In the first place, there was no need for bringing contributions to superannuation fund under the FBT regime because individual contributions are easily identifiable as borne out by the climb down, exempting Rs 1 lakh per employee from the FBT. In the event, if anyone must be taxed on this count, it must be the employee directly benefiting from such contribution, bearing of course in mind that pensions which would be carved out of such contributions are in any case taxable in the hands of the individuals receiving them.

Scholarships are another item of expenditure that shouldn't have been brought under the FBT regime in the first place because the individual beneficiaries are easily identifiable and tax ought to be imposed in their hands direct. Surprisingly, scholarships have been bracketed with expenses on festival celebrations in the matter of `divining', as it were, the personal content.

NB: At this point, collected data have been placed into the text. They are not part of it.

(* $$\sum_{k=1}^\infty \frac{1}{2^{k+1}(2k-1)k(2k+1)}=\frac{3}{2\sqrt2}\ln(1+\sqrt2)-\frac12(\ln 2+1),$$ $$\sum_{k=1}^\infty \frac{1}{2^{k+2}(2k-1)k^2(2k+1)}=\frac12+\frac18\ln^2 2-\frac{\pi^2}{48}-\frac{1}{2\sqrt2}\ln(1+\sqrt2),$$ $$\sum_{k=1}^\infty \frac{1}{2^{k+3}(2k-1)k^3(2k+1)}=\frac{3}{2\sqrt2}\ln(1+\sqrt2)+\frac{\pi^2\ln 2}{96}-\frac12(\ln 2+1)-\frac{\ln^3 2}{48}-\frac{7}{64}\zeta(3).$$
   Context: $\zeta$ is the Riemann zeta function. *)

From Stdlib Require Import Reals.
From Coquelicot Require Import Coquelicot.
Open Scope R_scope.

Definition zeta3 : R := Series (fun n : nat => 1 / (INR (n + 1)) ^ 3).

Definition term (m k : nat) : R :=
  1 / (2 ^ (k + m) * (2 * INR k - 1) * INR k ^ m * (2 * INR k + 1)).

From Stdlib Require Import Reals Lra Lia.
From Coquelicot Require Import Coquelicot.
Open Scope R_scope.

(* Partial fractions reduce the three series to sums of 2^-k/(2k-1), 2^-k/(2k+1) and the
   polylogarithm values Li_1(1/2), Li_2(1/2), Li_3(1/2).  The first two come from the Taylor
   series of Li_1(x) - Li_1(-x) = ln((1+x)/(1-x)) at x = 1/sqrt 2.  The polylogarithm values
   follow from the identities, valid on [1/2, 1],
     Li_2(1-x) + Li_2(1-1/x) = -ln^2 x / 2,
     Li_3(x) + Li_3(1-x) + Li_3(1-1/x) = zeta(3) + ln^3 x / 6 + pi^2/6 ln x - ln^2 x ln(1-x) / 2,
   proved by differentiating (x Li_(s+1)'(x) = Li_s(x), together with the reflection formula
   Li_2(x) + Li_2(1-x) = pi^2/6 - ln x ln(1-x)) and reaching the endpoints by continuity of
   Li_s on [-1, 1] for s >= 2; at x = 1/2 they involve Li_s(-1) = -(1 - 2^(1-s)) zeta(s) and
   zeta(2) = pi^2/6.  The latter comes from the duplication formula
   csc^2(y/2) + csc^2((y+pi)/2) = 4 csc^2 y, which gives
   sum_(k < 2^m) csc^2((2k+1) pi / 2^(m+2)) = 2 * 4^m, squeezed by 1/y^2 < csc^2 y < 1/y^2 + 1. *)

Fixpoint psum (a : nat -> R) (n : nat) : R :=
  match n with O => 0 | S m => psum a m + a m end.

Lemma psum_ext a b n : (forall k, (k < n)%nat -> a k = b k) -> psum a n = psum b n.
Proof.
  induction n as [|n IH]; intros H; simpl; [reflexivity|].
  rewrite IH by (intros; apply H; lia). rewrite H by lia. reflexivity.
Qed.

Lemma psum_plus a b n : psum (fun k => a k + b k) n = psum a n + psum b n.
Proof. induction n as [|n IH]; simpl; [lra|rewrite IH; lra]. Qed.

Lemma psum_scal c a n : psum (fun k => c * a k) n = c * psum a n.
Proof. induction n as [|n IH]; simpl; [lra|rewrite IH; lra]. Qed.

Lemma psum_const c n : psum (fun _ => c) n = INR n * c.
Proof. induction n as [|n IH]; [simpl; lra|rewrite S_INR; simpl; rewrite IH; lra]. Qed.

Lemma psum_add a m n : psum a (m + n) = psum a m + psum (fun k => a (m + k)%nat) n.
Proof.
  induction n as [|n IH]; simpl; [rewrite Nat.add_0_r; lra|].
  rewrite Nat.add_succ_r; simpl; rewrite IH; lra.
Qed.

Lemma psum_le a b n : (forall k, (k < n)%nat -> a k <= b k) -> psum a n <= psum b n.
Proof.
  induction n as [|n IH]; intros H; simpl; [lra|].
  assert (psum a n <= psum b n) by (apply IH; intros; apply H; lia).
  assert (a n <= b n) by (apply H; lia). lra.
Qed.

Lemma psum_rev a n : psum a n = psum (fun k => a (n - 1 - k)%nat) n.
Proof.
  induction n as [|n IH]; [reflexivity|].
  assert (Hfirst : forall b, psum b (S n) = b O + psum (fun k => b (S k)) n).
  { intros b. change (S n) with (1 + n)%nat. rewrite psum_add. simpl. lra. }
  rewrite (Hfirst (fun k => a (S n - 1 - k)%nat)). simpl psum. rewrite IH.
  replace (S n - 1 - 0)%nat with n by lia.
  rewrite (psum_ext (fun k => a (n - 0 - S k)%nat) (fun k => a (n - 1 - k)%nat)); [lra|].
  intros k Hk; f_equal; lia.
Qed.

Lemma psum_even_odd a n :
  psum a (2 * n) = psum (fun k => a (2 * k)%nat) n + psum (fun k => a (2 * k + 1)%nat) n.
Proof.
  induction n as [|n IH]; [simpl; lra|].
  replace (2 * S n)%nat with (S (S (2 * n))) by lia.
  cbn [psum]. rewrite IH; replace (2 * n + 1)%nat with (S (2 * n)) by lia; lra.
Qed.

Lemma is_series_psum (a : nat -> R) (l : R) : is_series a l <-> is_lim_seq (psum a) l.
Proof.
  assert (E : forall n, sum_n a n = psum a (S n)).
  { induction n as [|n IH]; [rewrite sum_O; simpl; lra|].
    rewrite sum_Sn, IH; simpl; unfold plus; simpl; lra. }
  split; intros H.
  - apply is_lim_seq_incr_1, (is_lim_seq_ext (sum_n a)); [exact E|exact H].
  - apply is_lim_seq_incr_1, (is_lim_seq_ext _ (sum_n a)) in H; [exact H|].
    intros; symmetry; apply E.
Qed.

Lemma is_lim_seq_nondecr_subseq (u : nat -> R) (phi : nat -> nat) (l : Rbar) :
  (forall n, u n <= u (S n)) -> filterlim phi eventually eventually ->
  is_lim_seq (fun n => u (phi n)) l -> is_lim_seq u l.
Proof.
  intros Hu Hphi Hl.
  destruct (ex_lim_seq_incr u Hu) as [l' Hl'].
  apply is_lim_seq_unique in Hl.
  assert (Hsub := is_lim_seq_subseq _ _ _ Hphi Hl').
  apply is_lim_seq_unique in Hsub.
  replace l with l' by congruence. exact Hl'.
Qed.
(* Let $\mathbf r=(M,\Delta)$ be an RSP (realization spectrum problem, as defined in the context) with associated preorder $(\mathscr T,\le_{\mathscr T})$ and model $N=N_{\mathbf r}$. Let $\kappa=\min\{\mathfrak t_{\mathbf r},\mathfrak p_{\mathbf r}\}$. Then $N$ is $(\kappa,1,\Delta)$-saturated, i.e. whenever $p(x)$ is a set of fewer than $\kappa$ formulas of the form $\varphi(x,\bar a)$ with $\varphi(x,\bar y)\in\Delta$ and $\bar a$ a tuple from $N$, and $p$ is finitely satisfiable in $N$, then $p$ is realized in $N$.
   Context: An RSP $\mathbf r=(M,\Delta)$ consists of: (a) a model $M$; (b) predicates $\mathscr T,\le_{\mathscr T}$ and an individual constant $c$ of $\tau_M$ such that $\le_{\mathscr T}^M$ is a preorder on $\mathscr T^M$ (reflexive and transitive; antisymmetry is not required) and $\mathrm{rt}:=c^M\in\mathscr T^M$ satisfies $\mathrm{rt}\le_{\mathscr T} t$ for all $t\in\mathscr T^M$; (c) a unary predicate $P$ and a model $N$ with universe $P^M$ and vocabulary $\tau_N\subseteq\tau_M$, whose relations and functions are those of $M$ (so formulas of $\tau_N$ are interpreted in $M$ with all variables ranging over $P^M$); (d) a set $\Delta$ of first-order formulas $\varphi(x,\bar y)$ of $\tau_N$ closed under conjunctions (if $\varphi_1(x,\bar y_1),\varphi_2(x,\bar y_2)\in\Delta$ then $\varphi_1(x,\bar y_1')\wedge\varphi_2(x,\bar y_2'')\in\Delta$); write $\Delta(N)=\{\varphi(x,\bar a):\varphi(x,\bar y)\in\Delta,\ \bar a$ from $N\}$; (e) a binary relation $R^M\subseteq |N|\times\mathscr T^M$, and for $t\in\mathscr T^M$ put $R_t=\{b: bR^Mt\}$; (f) $R_{\mathrm{rt}}=|N|$; (g) if $s\le_{\mathscr T}t$ then $R_s\supseteq R_t$; (h) $R_t\neq\emptyset$ for every $t\in\mathscr T^M$; (i) if $s\in\mathscr T^M$, $\varphi(x,\bar a)\in\Delta(N)$ and some $b\in R_s$ satisfies $N\models\varphi[b,\bar a]$, then there is $t\in\mathscr T^M$ with $s\le_{\mathscr T}t$ and $R_t=\{b\in R_s:N\models\varphi[b,\bar a]\}$; (j) for each $\varphi\in\Delta$ there is a function $F_{\varphi,2}$ of $M$ such that whenever $t\in\mathscr T^M$, $\varphi(x,\bar a)\in\Delta(N)$ and $\varphi(N,\bar a)\ne\emptyset$, the element $s=F_{\varphi,2}(t,\bar a)$ satisfies $s\le_{\mathscr T}t$, $R_s\cap\varphi(N,\bar a)\neq\emptyset$, and every $s_1\le_{\mathscr T}t$ with $R_{s_1}\cap\varphi(N,\bar a)\ne\emptyset$ satisfies $s_1\le_{\mathscr T}s$. For a preorder $(\mathscr T,\le)$: write $s<t$ for $s\le t\wedge s\ne t$. $\mathfrak t_{\mathbf r}$ is the least infinite cardinal $\kappa$ such that there is a $<$-increasing sequence of length $\kappa$ in $\mathscr T^M$ with no upper bound. A $(\kappa_1,\kappa_2)$-pre-cut is a pair $(C_1,C_2)$ of subsets with $C_1\cup C_2$ linearly ordered by $\le$, $a_1\le a_2$ for all $a_1\in C_1,a_2\in C_2$, no $c$ with $a_1\le c\le a_2$ for all $a_1\in C_1,a_2\in C_2$, $C_1$ of cofinality $\kappa_1$ and $C_2$ with the reversed order of cofinality $\kappa_2$. $\mathfrak p_{\mathbf r}=\min\{\kappa_1+\kappa_2:\kappa_1,\kappa_2\ge\aleph_0$ and $(\mathscr T^M,\le_{\mathscr T})$ has a $(\kappa_1,\kappa_2)$-pre-cut$\}$. *)

From Stdlib Require List.
From mathcomp Require Import all_boot.
Set Implicit Arguments.
Unset Strict Implicit.
Unset Printing Implicit Defensive.

Record vocab := Vocab {
  fsym : Type; farity : fsym -> nat;
  rsym : Type; rarity : rsym -> nat }.

Section Syntax.
Variable L : vocab.

Inductive term : Type :=
  | tvar : nat -> term
  | tfun (f : fsym L) : ('I_(farity f) -> term) -> term.

(* variable 0 is bound by fEx / fAll *)
Inductive formula : Type :=
  | fEq  : term -> term -> formula
  | fRel (r : rsym L) : ('I_(rarity r) -> term) -> formula
  | fNot : formula -> formula
  | fAnd : formula -> formula -> formula
  | fOr  : formula -> formula -> formula
  | fImp : formula -> formula -> formula
  | fEx  : formula -> formula
  | fAll : formula -> formula.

Fifty per cent of both the expenses, among others, attract FBT. The point is festival expenses and scholarships are different kettles of fish while it is impossible to pinpoint the quantum of benefits enjoyed by individual employees out of festival expenses and, therefore, there was a case for bringing it under the FBT regime, no such case exists for scholarship which can easily be pigeon-holed. And why should only 50 per cent of scholarship attract tax? There is no reason why the employee concerned should not be called upon to pay tax on the full amount. The same argument holds good for gifts too. Expenditure on gifts given to employees is amenable to pigeonholing in the employees' hands. And it is they who should be taxed and not the employer.

Needless exclusion

Free samples distributed to doctors by pharmaceutical companies have been excluded. But what has raised eyebrows is the exemption given to celebrity endorsement expenses. The words used are "expenditure by way of payment to any person of repute for promoting the sale of goods". It boils down to this: If an ordinary model is paid, his fees would be subjected to FBT, but if a celebrity like Amitabh Bachan or Aishwarya Rai were paid for endorsements no FBT would be levied.

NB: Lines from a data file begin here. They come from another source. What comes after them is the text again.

(* Let $n$ be even, $k>1$, and let $f=a_1+2a_2+\cdots+2^{k-1}a_k\in\mathcal{GB}_n^{2^k}$ with $a_1,\dots,a_k\in\mathcal{B}_n$ be gbent. Then for every $\mathbf{c}=(c_1,\dots,c_{k-1})\in\mathbb{F}_2^{k-1}$ the Boolean function $g_{\mathbf{c}}=c_1a_1\oplus c_2a_2\oplus\cdots\oplus c_{k-1}a_{k-1}\oplus a_k$ is bent.
   Context: $\mathcal{B}_n$: Boolean functions $\mathbb{F}_2^n\to\mathbb{F}_2$; $\mathcal{GB}_n^q$: functions $\mathbb{F}_2^n\to\mathbb{Z}_q$; every $f\in\mathcal{GB}_n^{2^k}$ is uniquely written as $f=\sum_{i=1}^k 2^{i-1}a_i$ (binary digits, $a_i\in\mathcal{B}_n$). $\mathcal{H}^{(q)}_f(\mathbf{u})=\sum_{\mathbf{x}}\zeta_q^{f(\mathbf{x})}(-1)^{\mathbf{u}\cdot\mathbf{x}}$ with $\zeta_q=e^{2\pi i/q}$; $f$ is gbent if $|\mathcal{H}^{(q)}_f(\mathbf{u})|=2^{n/2}$ for all $\mathbf{u}$. $g\in\mathcal{B}_n$ is bent if $|\sum_{\mathbf{x}}(-1)^{g(\mathbf{x})+\mathbf{u}\cdot\mathbf{x}}|=2^{n/2}$ for all $\mathbf{u}$. *)

From HB Require Import structures.
From mathcomp Require Import all_boot all_order all_algebra all_field.
Set Implicit Arguments. Unset Strict Implicit. Unset Printing Implicit Defensive.
Import Order.TTheory GRing.Theory Num.Theory.
Local Open Scope ring_scope.

Definition vec (n : nat) := 'rV['F_2]_n.

Definition boolfun (n : nat) := vec n -> 'F_2.
Lemma bider_br : biderivation (pair_br x y).
Proof.
have [X1 X2 _ _ _] := bx; have [Y1 Y2 _ _ _] := biy.
split=> /= [c u v | c u v | a1 a2 | u a | a1 a2].
- by rewrite ?(X1, Y1, linD X1, linZ X1); lmod_ring.
- by rewrite ?(X2, Y2, linD Y1, linZ Y1); lmod_ring.
- rewrite !(lbrDr, lbrNr, lbrDl, lbrNl, linD X1, linD Y1, linN X1, linN Y1,
    bider1_derivation bx, bider1_derivation biy).
  by lmod_ring.
- rewrite !lbrDr lbrNr (bider_ann_comp bx biy) (bider_ann bx) (bider_ann_comp biy bx).
  by lmod_ring.
- rewrite !(lbrDr, lbrNr, lbrDl, lbrNl, linD X1, linD Y1, linN X1, linN Y1,
    linD X2, linD Y2, linN X2, linN Y2, bider1_derivation bx, bider1_derivation biy,
    bider2_br bx, bider2_br biy, bider_ann bx, bider_ann biy).
  by lmod_ring.
Qed.

End Biderivations.

Section Action.
Variables (k : comPzRingType) (A B : leibAlg k).
Variables (lB : B -> A -> A) (rB : A -> B -> A) (actB : is_action lB rB).

Lemma action_lin_l b : lin (lB b).
Proof. by case: actB => [[_ lin_lB] _ _ _ _] c u v; rewrite lin_lB. Qed.

Lemma action_antisym_r b1 b2 a : lB b1 (rB a b2) = - lB b1 (lB b2 a).
Proof. by case: actB => [_ _ _ _ [_ _ -> ->]]; lmod_ring. Qed.

Lemma bold_linear c b1 b2 :
  bold lB rB (c *: b1 + b2) = pair_add (pair_scale c (bold lB rB b1)) (bold lB rB b2).
Proof.
by case: actB => [[lin_lB _] [_ lin_rB] _ _ _]; apply: pair_ext => a /=;
  [exact: lin_rB | exact: lin_lB].
Qed.

Lemma bold_lbr b1 b2 :
  bold lB rB (lbr B b1 b2) = pair_br (bold lB rB b1) (bold lB rB b2).
Proof.
case: actB => [_ _ _ _ [_ rB_lbr _ lB_lB]]; apply: pair_ext => a /=.
  exact: rB_lbr.
by rewrite lB_lB; lmod_ring.
Qed.

Lemma bider_bold b : biderivation (bold lB rB b).
Proof.
have [[_ lin_lB] [lin_rB _] rB_lbr lbr_lB [lB_lbr _ _ _]] := actB.
split=> /= [c u v | c u v | a1 a2 | u a | a1 a2].
- exact: lin_rB.
- exact: lin_lB.
- by rewrite rB_lbr.
- by rewrite lbr_lB rB_lbr; lmod_ring.
- exact: lB_lbr.
Qed.

End Action.

Lemma bider_inBA (k : comPzRingType) (A : leibAlg k) (x : pairA A) :
  inBA x -> biderivation x.
Proof.
elim=> {x} [B lB rB b actB | x y _ bx _ biy | c x _ bx | x y _ bx _ biy].
- exact: bider_bold.
- exact: bider_add.
- exact: bider_scale.
- exact: bider_br.
Qed.

Section Annihilators.
Variables (k : comPzRingType) (A : leibAlg k).

Definition annihilated (w : A) :=
  forall (C : leibAlg k) (lC : C -> A -> A) rC, is_action lC rC -> forall c, lC c w = 0.

Lemma annihilatedD u v : annihilated u -> annihilated v -> annihilated (u + v).
Proof.
move=> Ku Kv C lC rC actC c.
by rewrite (linD (action_lin_l actC c)) (Ku _ _ _ actC) (Kv _ _ _ actC) addr0.
Qed.

Lemma annihilatedN u : annihilated u -> annihilated (- u).
Proof.
by move=> Ku C lC rC actC c; rewrite (linN (action_lin_l actC c)) (Ku _ _ _ actC) oppr0.
Qed.

Lemma annihilatedZ c u : annihilated u -> annihilated (c *: u).
Proof.
by move=> Ku C lC rC actC d; rewrite (linZ (action_lin_l actC d)) (Ku _ _ _ actC) scaler0.
Qed.

Lemma inBA2_annihilated w (x : pairA A) : annihilated w -> inBA x -> x.2 w = 0.
Proof.
move=> Kw; elim=> {x} [B lB rB b actB | x y _ Kx _ Ky | c x _ Kx | x y Ix Kx Iy Ky] /=.
- exact: (Kw _ _ _ actB).
- by rewrite Kx Ky addr0.
- by rewrite Kx scaler0.
- by rewrite Ky Kx (lin0 (bider2_lin (bider_inBA Ix))) (lin0 (bider1_lin (bider_inBA Iy)))
    addr0.
Qed.

Hypothesis cond1 : condition1 A.

Lemma inBA_annihilated_sum (y : pairA A) a : inBA y -> annihilated (y.2 a + y.1 a).
Proof.
move=> Iy; elim: Iy a => {y}
  [B lB rB b actB | x y _ Kx _ Ky | c x _ Kx | x y Ix Kx Iy Ky] a /=.
- move=> C lC rC actC c.
  by rewrite (linD (action_lin_l actC c)) (cond1 actB actC); lmod_ring.
- rewrite addrACA; exact: annihilatedD.
- rewrite -scalerDr; exact: annihilatedZ.
- have [X1 X2 _ _ _] := bider_inBA Ix; have [Y1 Y2 _ _ _] := bider_inBA Iy.
  pose wx b := x.2 b + x.1 b; pose wy b := y.2 b + y.1 b.
  have -> : x.2 (y.2 a) + y.1 (x.2 a) + (y.1 (x.1 a) - x.1 (y.1 a)) =
            wy (wx a) - wx (y.1 a) + x.2 (wy a) - y.2 (wx a).
    by rewrite /wx /wy !(linD X1, linD X2, linD Y1, linD Y2); lmod_ring.
  rewrite (inBA2_annihilated (Ky a) Ix) (inBA2_annihilated (Kx a) Iy) addr0 subr0.
  exact: (annihilatedD (Ky (wx a)) (annihilatedN (Kx (y.1 a)))).
Qed.

Lemma inBA2_antisym (x y : pairA A) a : inBA x -> inBA y -> x.2 (y.1 a) = - x.2 (y.2 a).
Proof.
move=> Ix Iy; have := inBA2_annihilated (inBA_annihilated_sum a Iy) Ix.
by rewrite (linD (bider2_lin (bider_inBA Ix))) addrC => /eqP; rewrite addr_eq0 => /eqP.
Qed.

End Annihilators.

Section BAmodule.
Variables (k : comPzRingType) (A : leibAlg k).

Record BA := MkBA { bval : pairA A; bvalP : inBA bval }.

Lemma bval_inj : injective bval.
Proof. by move=> [x Ix] [y Iy] /= ex; subst y; congr MkBA. Qed.

Lemma inBA0 : inBA ((fun _ => 0, fun _ => 0) : pairA A).
Proof.
have -> : ((fun _ => 0, fun _ => 0) : pairA A) = pair_scale 0 (bold (lbr A) (lbr A) 0).
  by apply: pair_ext => a /=; rewrite scale0r.
exact/inBA_scale/inBA_gen/lbr_action.
Qed.

Lemma inBAN (x : pairA A) : inBA x -> inBA ((fun a => - x.1 a, fun a => - x.2 a) : pairA A).
Proof.
have -> : ((fun a => - x.1 a, fun a => - x.2 a) : pairA A) = pair_scale (-1) x.
  by apply: pair_ext => a /=; rewrite scaleN1r.
exact: inBA_scale.
Qed.

Definition BA0 : BA := MkBA inBA0.
Definition BAopp (x : BA) : BA := MkBA (inBAN (bvalP x)).
Definition BAadd (x y : BA) : BA := MkBA (inBA_add (bvalP x) (bvalP y)).
Definition BAscale (c : k) (x : BA) : BA := MkBA (inBA_scale c (bvalP x)).

Ltac BA_ext := move=> *; apply: bval_inj; apply: pair_ext => ? /=.

Lemma BAaddA : associative BAadd. Proof. by BA_ext; rewrite addrA. Qed.
Lemma BAaddC : commutative BAadd. Proof. by BA_ext; rewrite addrC. Qed.
Lemma BAadd0 : left_id BA0 BAadd. Proof. by BA_ext; rewrite add0r. Qed.
Lemma BAaddN : left_inverse BA0 BAopp BAadd. Proof. by BA_ext; rewrite addNr. Qed.

HB.instance Definition _ := gen_eqMixin BA.
HB.instance Definition _ := gen_choiceMixin BA.
HB.instance Definition _ := GRing.isZmodule.Build BA BAaddA BAaddC BAadd0 BAaddN.

Lemma BAscaleA a b v : BAscale a (BAscale b v) = BAscale (a * b) v.
Proof. by BA_ext; rewrite scalerA. Qed.
Lemma BAscale1 : left_id 1 BAscale. Proof. by BA_ext; rewrite scale1r. Qed.
Lemma BAscaleDr : right_distributive BAscale +%R. Proof. by BA_ext; rewrite scalerDr. Qed.
Lemma BAscaleDl v : {morph BAscale^~ v : a b / a + b}. Proof. by BA_ext; rewrite scalerDl. Qed.

HB.instance Definition _ :=
  GRing.Zmodule_isLmodule.Build k BA BAscaleA BAscale1 BAscaleDr BAscaleDl.

End BAmodule.

Section BAactor.
Variables (k : comPzRingType) (A : leibAlg k).
Hypothesis cond1 : condition1 A.

Definition brBA (x y : BA A) : BA A := MkBA (inBA_br (bvalP x) (bvalP y)).

Lemma brBA_linl c (x y z : BA A) : brBA (c *: x + y) z = c *: brBA x z + brBA y z.
Proof.
have [Z1 _ _ _ _] := bider_inBA (bvalP z).
by apply: bval_inj; apply: pair_ext => a /=; rewrite Z1; lmod_ring.
Qed.

Lemma brBA_linr c (x y z : BA A) : brBA z (c *: x + y) = c *: brBA z x + brBA z y.
Proof.
have [Z1 Z2 _ _ _] := bider_inBA (bvalP z).
by apply: bval_inj; apply: pair_ext => a /=; rewrite ?(Z1, Z2); lmod_ring.
Qed.

Lemma brBA_leibniz (x y z : BA A) :
  brBA x (brBA y z) = brBA (brBA x y) z - brBA (brBA x z) y.
Proof.
have [X1 X2 _ _ _] := bider_inBA (bvalP x).
have [Y1 _ _ _ _] := bider_inBA (bvalP y); have [Z1 _ _ _ _] := bider_inBA (bvalP z).
apply: bval_inj; apply: pair_ext => a /=.
  by rewrite !(linB X1, linB Y1, linB Z1); lmod_ring.
rewrite !(linD X2, linD Y1, linD Z1, linB Y1, linB Z1).
by rewrite (inBA2_antisym cond1 _ (bvalP x) (bvalP z)); lmod_ring.
Qed.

It is another matter that a company may quibble over the meaning of the term `repute' given the fact that even lesser mortals are honourable people with repute. Incidentally one wonders who lobbied so hard for excluding celebrity payments from the purview of FBT. That employees benefit from payments to ordinary models but do not from payments to celebrities is difficult to stomach. The truth is no employee even remotely benefits from such expenses irrespective of whether the recipient is a man or woman of repute or not.